▶ **WHAT THE TASK REQUIRES**:
Beneath this line are the data; copy exactly the part of them that opens with the line containing "IZR (dnf_weight k)" and closes with the line containing "move: (INR k) K4 Hd => K K4 Hd.", and only that part.

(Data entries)
##############################
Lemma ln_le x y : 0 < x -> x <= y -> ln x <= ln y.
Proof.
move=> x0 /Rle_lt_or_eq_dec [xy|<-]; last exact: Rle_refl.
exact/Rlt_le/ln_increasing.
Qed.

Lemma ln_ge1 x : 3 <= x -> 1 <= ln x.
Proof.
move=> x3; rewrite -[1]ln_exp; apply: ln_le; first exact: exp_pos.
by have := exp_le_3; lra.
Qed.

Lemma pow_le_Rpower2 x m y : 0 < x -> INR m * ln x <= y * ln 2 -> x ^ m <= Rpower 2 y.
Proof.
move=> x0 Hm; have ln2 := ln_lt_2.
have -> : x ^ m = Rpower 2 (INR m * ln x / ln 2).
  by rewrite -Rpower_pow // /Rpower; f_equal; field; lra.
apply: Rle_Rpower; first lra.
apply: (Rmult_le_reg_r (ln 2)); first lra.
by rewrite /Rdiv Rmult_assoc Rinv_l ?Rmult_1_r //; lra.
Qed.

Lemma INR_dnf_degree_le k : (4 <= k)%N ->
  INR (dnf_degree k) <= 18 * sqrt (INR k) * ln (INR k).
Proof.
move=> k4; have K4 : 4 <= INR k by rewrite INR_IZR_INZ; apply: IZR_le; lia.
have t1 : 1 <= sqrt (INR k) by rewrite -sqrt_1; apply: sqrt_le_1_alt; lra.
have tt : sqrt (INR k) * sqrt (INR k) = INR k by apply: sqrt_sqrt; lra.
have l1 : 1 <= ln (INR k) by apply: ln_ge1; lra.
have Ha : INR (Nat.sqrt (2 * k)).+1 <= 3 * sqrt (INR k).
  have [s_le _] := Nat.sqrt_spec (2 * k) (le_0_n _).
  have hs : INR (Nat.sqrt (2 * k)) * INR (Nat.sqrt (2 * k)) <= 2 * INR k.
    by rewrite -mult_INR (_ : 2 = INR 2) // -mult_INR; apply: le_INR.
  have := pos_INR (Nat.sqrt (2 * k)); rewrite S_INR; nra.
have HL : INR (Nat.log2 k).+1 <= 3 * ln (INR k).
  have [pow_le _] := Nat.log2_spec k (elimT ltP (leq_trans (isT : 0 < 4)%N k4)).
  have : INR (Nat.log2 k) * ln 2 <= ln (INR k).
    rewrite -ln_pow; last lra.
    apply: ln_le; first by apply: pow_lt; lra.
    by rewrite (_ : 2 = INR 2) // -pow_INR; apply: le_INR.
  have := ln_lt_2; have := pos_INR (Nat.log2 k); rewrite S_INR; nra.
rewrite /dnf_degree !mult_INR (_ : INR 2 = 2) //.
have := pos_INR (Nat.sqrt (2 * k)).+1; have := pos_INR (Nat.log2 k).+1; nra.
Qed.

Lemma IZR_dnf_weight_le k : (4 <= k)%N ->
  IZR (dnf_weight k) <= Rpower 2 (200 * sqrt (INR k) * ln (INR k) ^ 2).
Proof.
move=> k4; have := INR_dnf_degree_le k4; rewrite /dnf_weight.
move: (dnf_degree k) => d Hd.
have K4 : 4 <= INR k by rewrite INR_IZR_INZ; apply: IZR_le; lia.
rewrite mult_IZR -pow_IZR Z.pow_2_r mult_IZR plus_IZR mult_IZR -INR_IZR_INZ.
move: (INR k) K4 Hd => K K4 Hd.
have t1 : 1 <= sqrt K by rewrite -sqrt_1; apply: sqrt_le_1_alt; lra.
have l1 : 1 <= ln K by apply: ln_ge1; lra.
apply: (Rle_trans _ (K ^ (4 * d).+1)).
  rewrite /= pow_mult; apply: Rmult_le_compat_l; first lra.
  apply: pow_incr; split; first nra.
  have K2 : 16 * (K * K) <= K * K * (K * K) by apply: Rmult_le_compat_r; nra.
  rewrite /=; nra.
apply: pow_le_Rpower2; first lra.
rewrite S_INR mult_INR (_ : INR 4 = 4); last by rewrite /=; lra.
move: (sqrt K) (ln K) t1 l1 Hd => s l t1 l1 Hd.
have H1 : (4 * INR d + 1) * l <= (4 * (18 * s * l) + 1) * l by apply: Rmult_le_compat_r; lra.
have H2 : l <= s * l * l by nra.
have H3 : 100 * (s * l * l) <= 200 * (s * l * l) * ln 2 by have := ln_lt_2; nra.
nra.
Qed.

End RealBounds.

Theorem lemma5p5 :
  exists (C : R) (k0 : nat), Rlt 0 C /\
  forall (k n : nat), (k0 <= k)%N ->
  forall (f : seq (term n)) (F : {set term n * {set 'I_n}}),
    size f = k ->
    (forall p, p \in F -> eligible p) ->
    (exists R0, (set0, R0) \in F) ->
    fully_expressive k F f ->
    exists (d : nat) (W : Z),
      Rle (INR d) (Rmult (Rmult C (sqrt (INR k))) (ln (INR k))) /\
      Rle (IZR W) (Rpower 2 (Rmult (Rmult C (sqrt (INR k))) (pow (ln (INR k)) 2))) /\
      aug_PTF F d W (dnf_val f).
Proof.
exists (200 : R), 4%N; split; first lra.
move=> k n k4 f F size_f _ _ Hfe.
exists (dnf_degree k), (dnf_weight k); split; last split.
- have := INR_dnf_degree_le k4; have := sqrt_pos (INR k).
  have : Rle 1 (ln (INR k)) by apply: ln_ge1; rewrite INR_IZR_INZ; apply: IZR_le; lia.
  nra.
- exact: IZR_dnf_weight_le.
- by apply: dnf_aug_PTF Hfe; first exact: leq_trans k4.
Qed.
##############################
▶ **OUTPUT OF THE TASK**:
  IZR (dnf_weight k) <= Rpower 2 (200 * sqrt (INR k) * ln (INR k) ^ 2).
Proof.
move=> k4; have := INR_dnf_degree_le k4; rewrite /dnf_weight.
move: (dnf_degree k) => d Hd.
have K4 : 4 <= INR k by rewrite INR_IZR_INZ; apply: IZR_le; lia.
rewrite mult_IZR -pow_IZR Z.pow_2_r mult_IZR plus_IZR mult_IZR -INR_IZR_INZ.
move: (INR k) K4 Hd => K K4 Hd.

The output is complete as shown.